Галина Щербакова - Тоска
– Вот видите, – говорит женщина, – в нем есть живые эмоции, будь у него отец, играй с ним, может, и сдвинулась бы эта болезнь с места. Но врачи меня уверяют, что нет…
Так они сидят около часа. Домой он идет, медленно волоча как будто чужие ноги. Чтобы отдохнуть, он прижимается к железной стене гаража. И слезы как прорвало. Он плачет и думает, что хорошо бы им всем соединиться и жить вместе. Ну, как бы съехаться, как это делают при размене. Но жена разве согласится? После их личной драмы с детьми она без устали повторяет: «В этой стране рожают только идиоты. Нам за все сделанное с людьми надо вымереть как народу. До основанья. А потом на лучшее пространство земли, какое занимает Россия, завезти разные национальности в детском возрасте. А чтоб учителями у них были проверенные комиссией мира педагоги. Русский человек – это вечное горе земли».
И он тыкал в лицо жене Толстого и Чайковского, Пушкина и Кулибина… Да мало ли кого? Много! В этом был какой-то невероятный парадокс его мысли. Разве может безумный, злой, жестокий народ рождать такое величие?
– Где оно, величие? – кричала жена. – Ткни мне пальцем хоть в одно живое величие, а не в покойника.
И он терялся. Окружающая его жизнь людей была отвратна. Бедные злели от нищеты. Богатые зверели от богатства. У тех и у других росли дети-уроды – у одних от голода и холода, у других – от бессмысленности существования. И те и другие дети подрастали с ненавистью друг к другу. Первые от зависти, вторые от презрения. Мир трещал по самому важному шву – молодому поколению. И погибал мальчик, которого скорее всего можно было бы спасти, если бы родина не была сукой.
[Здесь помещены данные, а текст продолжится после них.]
(* For every integer $n\ge 0$, \[ \left(\frac23\right)^n p_n\!\left(\frac14\right) = \sum_{k=0}^n B_{n-k}^{(-k)}. \]
   Context: Define polynomial sequences $(p_k(x))_{k\ge -1}$ and $(q_k(x))_{k\ge -1}$ by $p_{-1}(x)=0$, $q_{-1}(x)=1$ and, for $k\ge -1$, $p_{k+1}(x) = 2(kx+1)p_k(x) + 2x(1-x)p_k'(x) + q_k(x)$, $q_{k+1}(x) = (2(k+1)x+1)q_k(x) + 2x(1-x)q_k'(x)$. For an integer $k$, $\mathrm{Li}_k(z)=\sum_{m\ge1} z^m/m^k$. The poly-Bernoulli numbers $B_n^{(k)}\in\mathbb{Q}$ are defined by $\sum_{n\ge0} B_n^{(k)} \frac{t^n}{n!} = \frac{\mathrm{Li}_k(1-e^{-t})}{1-e^{-t}}$. *)

From HB Require Import structures.
From mathcomp Require Import all_boot all_order all_algebra.
Set Implicit Arguments. Unset Strict Implicit. Unset Printing Implicit Defensive.
Import Order.TTheory GRing.Theory Num.Theory.
Local Open Scope ring_scope.

(* The pair (p_{j-1}, q_{j-1}) for j : nat, i.e. PQ j is indexed with a shift by one:
   PQ 0 = (p_{-1}, q_{-1}) = (0, 1), and PQ (j+1) is obtained from PQ j by the
   recurrence with k = j - 1. *)
Fixpoint PQ (j : nat) : {poly rat} * {poly rat} :=
  match j with
  | 0 => (0, 1)
  | j'.+1 =>
      let pk := (PQ j').1 in
      let qk := (PQ j').2 in
      let k : rat := ((Posz j') - 1)%:~R in
      (2%:P * (k *: 'X + 1) * pk + 2%:P * 'X * (1 - 'X) * pk^`() + qk,
       (2%:P * ((k + 1) *: 'X) + 1) * qk + 2%:P * 'X * (1 - 'X) * qk^`())
  end.

Definition pol_p (n : nat) : {poly rat} := (PQ n.+1).1.
Definition pol_q (n : nat) : {poly rat} := (PQ n.+1).2.

(* Truncation to degree <= n of the formal power series 1 - e^{-t}
   = - sum_{j>=1} (-t)^j / j!. *)
Definition one_minus_exp_neg (n : nat) : {poly rat} :=
  - \sum_(1 <= j < n.+1) (((-1) ^+ j) / (j`!)%:R) *: 'X^j.

(* Poly-Bernoulli numbers: B_n^{(k)} = n! [t^n] Li_k(1-e^{-t})/(1-e^{-t})
   = n! [t^n] sum_{m>=1} (1-e^{-t})^{m-1} / m^k.  Since (1-e^{-t})^{m-1}
   has order m-1, only m <= n+1 contribute, and the coefficient of t^n
   only depends on 1-e^{-t} modulo t^{n+1}. *)
Definition polyBernoulli (n : nat) (k : int) : rat :=
  (n`!)%:R * \sum_(1 <= m < n.+2)
     ((one_minus_exp_neg n) ^+ m.-1)`_n * ((m%:R : rat) ^ (- k)).

(* Both sides satisfy the recurrence [main_rec]
     4 s_n = 2 s_(n-1) + sum_i C(n,i) s_i + 3,
   which determines them.  For the left side, induction on the defining
   recurrences gives p_n = (1-x) p_(n-1) + x sum_i C(n,i) b^(n-i) p_i + (1-x) b^n
   with b = 2(1-x) (and a similar identity for q_n); at x = 1/4 we have b = 3/2,
   and the weight (2/3)^n turns this b-binomial transform into the ordinary one.
   For the right side, B_j^(-k) = sum_m (-1)^(j-m) m! S(j,m) (m+1)^k, and the
   recurrences of these signed Stirling numbers make the summand of the
   recurrence a discrete gradient, which telescopes along each antidiagonal
   j + k = const. *)

From mathcomp Require Import all_boot all_order all_algebra.
From mathcomp Require Import ring lra.
Import GRing.Theory Num.Theory.
Local Open Scope ring_scope.

Section BinomialTransform.
Context {R : comNzRingType}.
Implicit Types (a b c : R) (f g : nat -> R).

Definition binomT a f (n : nat) : R :=
  \sum_(i < n.+1) 'C(n, i)%:R * a ^+ (n - i) * f i.

Lemma eq_binomT a f g n :
  (forall i, (i <= n)%N -> f i = g i) -> binomT a f n = binomT a g n.
Proof. by move=> fg; apply: eq_bigr => i _; rewrite fg // -ltnS. Qed.

Lemma binomTD a f g n :
  binomT a (fun i => f i + g i) n = binomT a f n + binomT a g n.
Proof. by rewrite /binomT -big_split /=; apply: eq_bigr => i _; ring. Qed.

Lemma binomTB a f g n :
  binomT a (fun i => f i - g i) n = binomT a f n - binomT a g n.
Proof. by rewrite /binomT -sumrB /=; apply: eq_bigr => i _; ring. Qed.

Lemma binomTZ a c f n : binomT a (fun i => c * f i) n = c * binomT a f n.
Proof. by rewrite /binomT mulr_sumr; apply: eq_bigr => i _; ring. Qed.

Lemma binomT_sum a (B : nat) (F : nat -> 'I_B -> R) n :
  binomT a (fun i => \sum_(m < B) F i m) n = \sum_(m < B) binomT a (F^~ m) n.
Proof. by rewrite /binomT exchange_big; apply: eq_bigr => i _; rewrite mulr_sumr. Qed.

Lemma binomT0 a f : binomT a f 0 = f 0%N.
Proof. by rewrite /binomT big_ord1 expr0 !mul1r. Qed.

Lemma binomTS a f n :
  binomT a f n.+1 = a * binomT a f n + binomT a (fun i => f i.+1) n.
Proof.
rewrite /binomT big_ord_recl bin0 subn0 mul1r.
rewrite (eq_bigr (fun i : 'I_n.+1 => 'C(n, i.+1)%:R * a ^+ (n - i) * f i.+1
     + 'C(n, i)%:R * a ^+ (n - i) * f i.+1)); last first.
  by move=> i _; rewrite /= binS natrD subSS; ring.
rewrite big_split /= addrA; congr (_ + _).
rewrite mulr_sumr [RHS]big_ord_recl bin0 subn0 mul1r exprS mulrA; congr (_ + _).
rewrite big_ord_recr /= bin_small // !mul0r addr0.
apply: eq_bigr => i _; rewrite /bump /= add1n -[(n - i)%N]subSS subSn // exprS; ring.
Qed.

Lemma binomT_id f n : binomT 0 f n = f n.
Proof.
rewrite /binomT big_ord_recr /= subnn binn expr0 !mul1r big1 ?add0r // => i _.
by rewrite expr0n subn_eq0 leqNgt ltn_ord mulr0 mul0r.
Qed.

Lemma binomT_comp a b f n : binomT a (binomT b f) n = binomT (a + b) f n.
Proof.
elim: n f => [|n IH] f; first by rewrite !binomT0.
have shift : binomT a (fun i => binomT b f i.+1) n =
    binomT a (fun i => b * binomT b f i + binomT b (fun j => f j.+1) i) n.
  by apply: eq_binomT => i _; rewrite binomTS.
by rewrite binomTS shift binomTD binomTZ !IH binomTS; ring.
Qed.

Lemma binomT_expr a c n : binomT a (GRing.exp c) n = (a + c) ^+ n.
Proof. by rewrite exprDn; apply: eq_bigr => i _; rewrite mulr_natl; ring. Qed.

Lemma binomT_delta a n : binomT a (fun i => (i == 0)%:R) n = a ^+ n.
Proof.
rewrite /binomT big_ord_recl bin0 subn0 mul1r mulr1 big1 ?addr0 // => i _.
by rewrite mulr0.
Qed.

Lemma binomT1_split f n :
  binomT 1 f n = f n + \sum_(i < n) 'C(n, i)%:R * f i.
Proof.
rewrite /binomT big_ord_recr /= binn subnn expr0 !mul1r addrC; congr (_ + _).
by apply: eq_bigr => i _; rewrite expr1n mulr1.
Qed.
Старик вжимался в ржавое железо, а мимо проскакивал железный трамвай, и тоска, пуще прежней, заполняла его всего, без остатка. И он брел домой, и только нос и щеки оставались живыми от слез и пальцев безумного ребенка.
На повороте к дому он поднял глаза на свои окна.
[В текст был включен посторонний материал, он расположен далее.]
(* Let $X$ be a finite discrete space with at least two elements, $\Gamma$ a nonempty countable set, $\varphi:\Gamma\to\Gamma$ a map. If $(X^\Gamma,\sigma_\varphi)$ is dense distributional chaotic, then $\varphi$ has no periodic point.
   Context: $X^\Gamma$ has the product topology and a fixed compatible metric $d$; $\sigma_\varphi((x_\alpha)_{\alpha\in\Gamma})=(x_{\varphi(\alpha)})_{\alpha\in\Gamma}$. With $f=\sigma_\varphi$, $\xi(x,y,t,n)=\#\{i\in\{0,\dots,n-1\}:d(f^i(x),f^i(y))<t\}$, $F_{xy}(t)=\liminf_n\xi(x,y,t,n)/n$, $F^*_{xy}(t)=\limsup_n\xi(x,y,t,n)/n$. The system is dense distributional chaotic if there exist a dense uncountable set $A\subseteq X^\Gamma$ and $\varepsilon>0$ such that for all distinct $x,y\in A$: $F^*_{xy}(s)=1$ for every $s>0$ and $F_{xy}(\varepsilon)=0$. *)

From HB Require Import structures.
From mathcomp Require Import all_boot all_order all_algebra.
From mathcomp Require Import all_classical all_reals all_analysis.
Set Implicit Arguments. Unset Strict Implicit. Unset Printing Implicit Defensive.
Import Order.TTheory GRing.Theory Num.Theory.
Local Open Scope classical_set_scope.
Local Open Scope ring_scope.

Definition shift_space (Gamma : Type) (X : choiceType) : topologicalType :=
  {ptws Gamma -> discrete_topology X}.

Definition sigma_phi (Gamma : Type) (X : choiceType) (phi : Gamma -> Gamma)
  (x : shift_space Gamma X) : shift_space Gamma X := fun a => x (phi a).

Definition is_metric (R : realType) (T : Type) (d : T -> T -> R) : Prop :=
  [/\ forall x y, 0 <= d x y,
      forall x y, d x y = 0 <-> x = y,
      forall x y, d x y = d y x &
      forall x y z, d x z <= d x y + d y z].

Definition compatible_metric (R : realType) (T : topologicalType)
  (d : T -> T -> R) : Prop :=
  is_metric d /\
  forall A : set T, open A <->
    (forall x, A x -> exists2 e : R, 0 < e & [set y | d x y < e] `<=` A).

Definition xi (R : realType) (T : Type) (d : T -> T -> R) (f : T -> T)
  (x y : T) (t : R) (n : nat) : nat :=
  #|[set i : 'I_n | `[< d (iter i f x) (iter i f y) < t >] ]|.

Definition F_low (R : realType) (T : Type) (d : T -> T -> R) (f : T -> T)
  (x y : T) (t : R) : R :=
  limn_inf (fun n => (xi d f x y t n)%:R / n%:R).
Definition F_up (R : realType) (T : Type) (d : T -> T -> R) (f : T -> T)
  (x y : T) (t : R) : R :=
  limn_sup (fun n => (xi d f x y t n)%:R / n%:R).

Definition dense_distributional_chaotic (R : realType) (T : topologicalType)
  (d : T -> T -> R) (f : T -> T) : Prop :=
  exists (A : set T) (eps : R),
    [/\ dense A, ~ countable A, 0 < eps &
      forall x y, A x -> A y -> x <> y ->
        (forall s : R, 0 < s -> F_up d f x y s = 1) /\ F_low d f x y eps = 0].

Definition has_periodic_point (Gamma : Type) (phi : Gamma -> Gamma) : Prop :=
  exists (g : Gamma) (n : nat), (0 < n)%N /\ iter n phi g = g.

(** Let [g] be a periodic point of [phi] of period [n] and let [x], [y] be
    two points of the dense set [A] that differ at the coordinate [g]. Every
    point [c] of the orbit of [g] is sent back to [g] by some iterate of
    [phi], so [sigma_phi^i x] and [sigma_phi^i y] always differ somewhere on
    this finite orbit. Agreement on a finite set of coordinates is an open
    equivalence relation, hence, [X^Gamma] being compact, it holds for all
    pairs at [d]-distance less than some [s > 0]. Thus the orbits of [x] and
    [y] never come [s]-close and [F*_xy(s) = 0], contradicting [F*_xy(s) = 1]. *)
From HB Require Import structures.
From mathcomp Require Import all_boot all_order all_algebra.
From mathcomp Require Import all_classical all_reals all_analysis.
From mathcomp Require Import lra.
Set Implicit Arguments.
Unset Strict Implicit.
Unset Printing Implicit Defensive.
Import Order.TTheory GRing.Theory Num.Theory.
Local Open Scope classical_set_scope.
Local Open Scope ring_scope.

Lemma iter_mod_period (T : Type) (f : T -> T) (x : T) (n : nat) :
  iter n f x = x -> forall k, iter k f x = iter (k %% n)%N f x.
Proof.
move=> fnx k; rewrite {1}(divn_eq k n) addnC iterD iterM.
by rewrite (iter_fix _ fnx).
Qed.

Lemma periodic_iter_preimage (T : eqType) (f : T -> T) (x : T) (n : nat) :
  (0 < n)%N -> iter n f x = x ->
  forall i, exists2 c, c \in traject f x n & iter i f c = x.
Proof.
move=> n_gt0 fnx i; exists (iter ((n - i %% n) %% n)%N f x).
  by apply/trajectP; exists ((n - i %% n) %% n)%N; rewrite ?ltn_mod.
rewrite -iterD (iter_mod_period fnx) modnDmr -modnDml subnKC.
  by rewrite modnn.
by rewrite ltnW ?ltn_mod.
Qed.

Section Metric.
Variables (R : realType) (T : topologicalType) (d : T -> T -> R).
Hypothesis d_compat : compatible_metric d.

Lemma open_ball_compatible (u : T) (r : R) : open [set v | d u v < r].
Proof.
have [[_ _ _ d_triangle] d_open] := d_compat.
apply/d_open => v /= duv; exists (r - d u v); first by rewrite subr_gt0.
by move=> w /= dvw; have := d_triangle u v w; lra.
Qed.

(* A Lebesgue number argument for the cover of [T] by the fibres of [k]. *)
Lemma compact_locally_constant_uniform (K : Type) (k : T -> K) :
  compact [set: T] -> (forall u, open [set v | k v = k u]) ->
  exists2 s : R, 0 < s & forall u v, d u v < s -> k u = k v.
Proof.
have [[_ d_refl _ d_triangle] d_open] := d_compat.
move=> T_compact k_open.
have := proj1 (compact_near_coveringP _) T_compact nat \oo
  (fun m u => forall v, d u v < m.+1%:R^-1 -> k u = k v) _.
case; last first.
  move=> N _ HN; exists N.+1%:R^-1; first by rewrite invr_gt0 ltr0n.
  by move=> u v; apply: (HN N (leqnn N) u I).
move=> x _.
have [e e_gt0 ball_fibre] := proj1 (d_open _) (k_open x) x erefl.
have e2_gt0 : 0 < e / 2 by lra.
exists ([set x' | d x x' < e / 2], [set m : nat | m.+1%:R^-1 < e / 2]) => /=.
  split; last exact: (near_infty_natSinv_lt (PosNum e2_gt0)).
  apply: open_nbhs_nbhs; split; first exact: open_ball_compatible.
  by rewrite /= (proj2 (d_refl x x) erefl).
case=> x' m /= [dxx' me] v dx'v.
have kx' : k x' = k x by apply: ball_fibre => /=; lra.
rewrite kx'; apply/esym/ball_fibre => /=.
have := d_triangle x x' v; have := lt_trans dx'v me; lra.
Qed.

End Metric.

Lemma shift_space_compact (Gamma : eqType) (X : finType) :
  compact [set: shift_space Gamma X].
Proof.
have X_compact (c : Gamma) : compact [set: discrete_topology X].
  by apply: finite_compact; exact: (@finite_finset X setT).
have := tychonoff X_compact; set S := (S in compact S -> _).
by suff -> : S = setT by []; rewrite eqEsubset.
Qed.

Lemma open_coord_fibre (Gamma : eqType) (X : choiceType) (c : Gamma) (a : X) :
  open [set v : shift_space Gamma X | v c = a].
Proof.
have proj_cont : continuous (fun v : shift_space Gamma X =>
    (v c : discrete_topology X)).
  exact: (@proj_continuous Gamma (fun _ => discrete_topology X) c).
exact: (proj1 (continuousP _) proj_cont [set a] (discrete_open _)).
Qed.

Lemma open_map_fibre (Gamma : eqType) (X : choiceType) (cs : seq Gamma)
    (u : shift_space Gamma X) :
  open [set v : shift_space Gamma X | map v cs = map u cs].
Proof.
elim: cs => [|c cs IH] /=.
  suff -> : [set v : shift_space Gamma X | [::] = [::] :> seq X] = setT.
    exact: openT.
  by apply/seteqP; split => // v.
suff -> : [set v : shift_space Gamma X | v c :: map v cs = u c :: map u cs] =
    [set v | v c = u c] `&` [set v | map v cs = map u cs].
  exact: openI (open_coord_fibre _ _) IH.
by apply/seteqP; split => v /= [-> ->].
Qed.

Lemma dense_coord_fibre (Gamma : eqType) (X : choiceType) (c : Gamma) (a : X)
    (A : set (shift_space Gamma X)) :
  dense A -> exists2 x, A x & x c = a.
Proof.
move=> A_dense.
have fibre_n0 : [set v : shift_space Gamma X | v c = a] !=set0.
  by exists (fun=> a).
have [x [xa Ax]] := A_dense _ fibre_n0 (open_coord_fibre c a).
by exists x.
Qed.

Lemma iter_sigma_phi (Gamma : Type) (X : choiceType) (phi : Gamma -> Gamma)
    (x : shift_space Gamma X) (i : nat) (c : Gamma) :
  iter i (sigma_phi phi) x c = x (iter i phi c).
Proof. by elim: i c => [|i IH] c //=; rewrite /sigma_phi IH -iterSr. Qed.

Lemma limn_sup_cst (R : realType) (c : R) : limn_sup (fun _ : nat => c) = c.
Proof. rewrite cvg_limn_supE; last exact: is_cvg_cst. exact: lim_cst. Qed.

Lemma F_up_eq0 (R : realType) (T : Type) (d : T -> T -> R) (f : T -> T)
    (x y : T) (t : R) :
  (forall i, t <= d (iter i f x) (iter i f y)) -> F_up d f x y t = 0.
Proof.
move=> far.
have xi0 N : xi d f x y t N = 0%N.
  apply: eq_card0 => i; apply/negP; rewrite in_setE /= => /asboolP close.
  by rewrite ltNge far in close.
rewrite /F_up -[RHS](limn_sup_cst 0); congr limn_sup.
by apply/funext => N; rewrite xi0 mul0r.
Qed.

Theorem lemma4p1 (R : realType) (X : finType) (Gamma : countType)
  (phi : Gamma -> Gamma)
  (d : shift_space Gamma X -> shift_space Gamma X -> R) :
  (1 < #|X|)%N ->
  (exists g : Gamma, True) ->
  compatible_metric d ->
  dense_distributional_chaotic d (sigma_phi phi) ->
  ~ has_periodic_point phi.
Proof.
move=> X_gt1 _ d_compat [A [eps [A_dense _ _ A_chaotic]]] [g [n [n_gt0 phi_n_g]]].
have [a [b [_ _ a_neq_b]]] := card_gt1P X_gt1.
pose orbit := traject phi g n.
have [s s_gt0 close_agree] := compact_locally_constant_uniform d_compat
  (@shift_space_compact Gamma X) (open_map_fibre orbit).
have [x Ax xg] := dense_coord_fibre g a A_dense.
have [y Ay yg] := dense_coord_fibre g b A_dense.
have x_neq_y : x <> y by move=> xy; move: a_neq_b; rewrite -xg -yg xy eqxx.
have [F_up_x_y _] := A_chaotic x y Ax Ay x_neq_y.
have : F_up d (sigma_phi phi) x y s = 0.
  apply: F_up_eq0 => i; rewrite leNgt; apply/negP => /close_agree /eq_in_map agree.
  have [c c_orbit phi_i_c] := periodic_iter_preimage n_gt0 phi_n_g i.
  move: (agree c c_orbit); rewrite !iter_sigma_phi phi_i_c xg yg => ab.
  by move: a_neq_b; rewrite ab eqxx.
by rewrite F_up_x_y // => /eqP; rewrite oner_eq0.
Qed.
Распластанно, руками и грудью прижималась к стеклу жена. Да, он сегодня задержался у гаража. Он представил, как она резко раздвинула занавески окна и, погасив свет, уставилась на дорогу его возвращения. Как прилипает она носом и лбом к стеклу, как громко и хрипло дышит, как колотится ее сердце от ужаса возможной беды, как она зовет беду на себя, пусть с ней что-то случится, но только не с ним.
Он махнул ей какой-то особенно бессильной рукой. Старенькая дурочка, видишь, я жив и иду, но нет у меня для тебя крупицы счастья. Ты ведь не полюбишь Сеню. И уже без конца и края его поглотила боль-тоска. И остро, до тошноты пахло ржавчиной, которую он от души стер спиной. «Запах порчи, – подумал он. – Как всё в масть».